Contig IDs are stored in a one-dimensional Zarr array at a path with name contig_id, of shape (contigs), dimension names [contigs], and with dtype str. The contig_id array plays the same role as the dictionary of contigs in BCF, providing a way of encoding a contig (in the variant_contig array) with a (zero-based) integer offset into the contig_id array.

Contig lengths are optional, and if present are stored in a one-dimensional Zarr array at a path with name contig_length, of shape (contigs), dimension names [contigs], and with dtype int.

Filter information

Filters are stored in a one-dimensional Zarr array at a path with name filter_id, of shape (filters), dimension names [filters], and with dtype str.

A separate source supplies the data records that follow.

(* Let $E$ be a finite nonempty set, $f:2^E\to\mathbb{N}$ an integral polymatroid rank function, and let $C_e:\mathbb{N}\times\mathbb{N}\to\mathbb{R}_+$, $e\in E$, be regular functions. Let $D\subseteq\mathbb{N}$ be a set of integers with $\mathbb{B}_f(d)\neq\emptyset$ for all $d\in D$. Then for every $\vec t\in\mathbb{N}^E$, every $d\in D$, every optimal solution $\vec x^*(\vec t,d)$ of $P(\vec t,d)$, every $d'\in D$ and every $\vec t'\in\mathbb{N}^E$, there is an optimal solution $\vec x^*(\vec t',d')$ of $P(\vec t',d')$ with $\|\vec x^*(\vec t,d)-\vec x^*(\vec t',d')\|\le 2\|\vec t-\vec t'\|+|d-d'|$.
   Context: $\mathbb{N}=\{0,1,2,\dots\}$. A set function $f:2^E\to\mathbb{N}$ is an integral polymatroid rank function if $f(\emptyset)=0$, $f$ is monotone and submodular. For $\vec x\in\mathbb{N}^E$, $x(U)=\sum_{e\in U}x_e$; $\mathbb{B}_f(d)=\{\vec x\in\mathbb{N}^E: x(U)\le f(U)\ \forall U\subseteq E,\ x(E)=d\}$. $P(\vec t,d)$: minimize $\sum_{e\in E}C_e(x_e;t_e)$ subject to $\vec x\in\mathbb{B}_f(d)$. $\|\cdot\|$ is the $L_1$-norm. For $C:\mathbb{N}\times\mathbb{N}\to\mathbb{R}$, $C^-(x;t)=C(x;t)-C(x-1;t)$ for $x\ge1$; $C$ is regular if $C^-(x;t)\le C^-(x;t+1)$ and $C^-(x;t+1)\le C^-(x+1;t)$ for all $x\ge1$, $t\in\mathbb{N}$. *)

From mathcomp Require Import all_boot all_order all_algebra.
From mathcomp Require Export reals.
Set Implicit Arguments. Unset Strict Implicit. Unset Printing Implicit Defensive.
Import Order.TTheory GRing.Theory Num.Theory.

Definition xsum (E : finType) (x : {ffun E -> nat}) (U : {set E}) : nat :=
  (\sum_(e in U) x e)%N.

Definition polymatroid_rank (E : finType) (f : {set E} -> nat) : Prop :=
  [/\ f set0 = 0%N,
      (forall A B : {set E}, A \subset B -> f A <= f B)%N &
      (forall A B : {set E}, f (A :|: B) + f (A :&: B) <= f A + f B)%N].
Lemma pos_op_bounded (T : E -> E) :
  positive_op BL T -> exists2 C, 0 <= C & forall x, `|T x| <= C * `|x|.
Proof.
move=> T_pos.
suff [C C_cone] : exists C, forall a, le 0 a -> `|T a| <= C * `|a|.
  exists `|C| => // x; apply: le_trans (norm_pos_op_le_absE x T_pos) _.
  rewrite -[`|x|]norm_absE; apply: le_trans (C_cone _ (absE_ge0 x)) _.
  by apply: ler_wpM2r => //; exact: ler_norm.
apply: contrapT => unbounded.
have /choice[a a_big] :
    forall n : nat, exists a, le 0 a /\ n%:R * 2 ^+ n * `|a| < `|T a|.
  move=> n; apply: contrapT => no_a; apply: unbounded.
  exists (n%:R * 2 ^+ n) => a a_ge0; rewrite leNgt; apply/negP => a_big.
  by apply: no_a; exists a.
have a_gt0 n : 0 < `|a n|.
  rewrite normr_gt0; apply/eqP => an0; have := (a_big n).2.
  by rewrite an0 (is_linear0 T_pos.1) normr0 mulr0 ltxx.
have scale_gt0 n : 0 < 2 ^+ n * `|a n| by rewrite mulr_gt0 ?exprn_gt0.
pose b n := (2 ^+ n * `|a n|)^-1 *: a n.
have b_ge0 n : le 0 (b n).
  have inv_ge0 : 0 <= (2 ^+ n * `|a n|)^-1 by rewrite invr_ge0 ltW.
  by have := le_scale inv_ge0 (a_big n).1; rewrite scaler0.
have norm_b n : `|b n| = 2^-1 ^+ n.
  by rewrite normrZ gtr0_norm ?invr_gt0 // invfM divfK ?exprVn // lt0r_neq0.
have Tb_big n : n%:R < `|T (b n)|.
  rewrite T_pos.1.2 normrZ gtr0_norm ?invr_gt0 // ltr_pdivlMl //.
  by rewrite mulrC mulrA; exact: (a_big n).2.
have b_cvg : cvgn (series b).
  apply: normed_cvg.
  rewrite (_ : [normed series b] = series (geometric 1 2^-1)).
    by apply: is_cvg_geometric_series; rewrite ger0_norm ?invf_lt1 ?ltr1n.
  by apply/funext => n; apply: eq_bigr => k _; rewrite /= norm_b mul1r.
have [M Tb_le] := pos_op_bounded_on_series T_pos b_ge0 b_cvg.
have := lt_trans (truncnS_gt M) (lt_le_trans (Tb_big _) (Tb_le _)).
by rewrite ltxx.
Qed.

End BanachLatticeFacts.

Section Filtration.
Variables (R : realType) (E : completeNormedModType R) (BL : BanachLattice E).
Variables (xi : nat -> E -> E) (T : E -> E) (C : R).
Hypothesis xi_op : forall n, order_projection BL (xi n).
Hypothesis xi_incr : forall n, proj_le (xi n) (xi n.+1).
Hypothesis T_lin : is_linear T.
Hypothesis T_volterra : forall n x y, xi n x = xi n y -> xi n (T x) = xi n (T y).
Hypothesis C_ge0 : 0 <= C.
Hypothesis T_bounded : forall x, `|T x| <= C * `|x|.

Lemma proj_le_filtration m n : (m <= n)%N -> proj_le (xi m) (xi n).
Proof.
move=> /subnKC <-; apply/funext => x /=; elim: (n - m)%N x => [|k IH] x.
  by rewrite addn0; exact: (xi_op m).2.1.
have xi_incr_x : xi (m + k) (xi (m + k).+1 x) = xi (m + k) x.
  by have := congr1 (fun f => f x) (xi_incr (m + k)).
by rewrite addnS -IH xi_incr_x IH.
Qed.

Lemma norm_That_le x M :
  (forall i, `|x i| <= M) -> forall i, `|That xi T x i| <= C * M.
Proof.
move=> x_le i; apply: le_trans (norm_order_projection_le _ (xi_op _)) _.
by apply: le_trans (T_bounded _) _; exact: ler_wpM2l.
Qed.

Lemma That_in_Mb x : in_Mb xi 0 x -> in_Mb xi 0 (That xi T x).
Proof.
case=> x_adapted [M x_le]; split; last by exists (C * M); exact: norm_That_le.
move=> i j le_ij; rewrite /That !addn0.
have le_ij1 : (i + 1 <= j + 1)%N by rewrite leq_add2r.
have -> : xi (i + 1)%N (xi (j + 1)%N (T (x j))) = xi (i + 1)%N (T (x j)).
  by have := congr1 (fun f => f (T (x j))) (proj_le_filtration le_ij1).
apply: T_volterra.
by rewrite -[(i + 1)%N]addn0 !x_adapted.
Qed.

Lemma That_lin a x y :
  That xi T (fun i => x i + a *: y i) =
  (fun i => That xi T x i + a *: That xi T y i).
Proof.
apply/funext => i; rewrite /That T_lin.1 T_lin.2.
by rewrite (xi_op _).1.1 (xi_op _).1.2.
Qed.

Lemma norm_iter_That_le l x M : (forall i, `|x i| <= M) ->
  forall i, `|iter l (That xi T) x i| <= C ^+ l * M.
Proof.
move=> x_le; elim: l => [|l IH] i /=; first by rewrite expr0 mul1r.
by rewrite exprS -mulrA; exact: norm_That_le.
Qed.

Filters must appear in the same order as specified in the header, except for PASS, which is always first.

Sample information

Sample IDs are stored in a one-dimensional Zarr array at a path with name sample_id, of shape (samples), dimension names [samples], and with dtype str.

Changes

Changes between VCF Zarr 0.1 and VCF Zarr 0.2

  • The contigs VCF Zarr group attribute was removed and replaced with a contig_id array and a contigs dimension name.
  • Introduced a contig_length array for defining contig sequence lengths.
  • The filters VCF Zarr group attribute was removed and replaced with a filter_id array.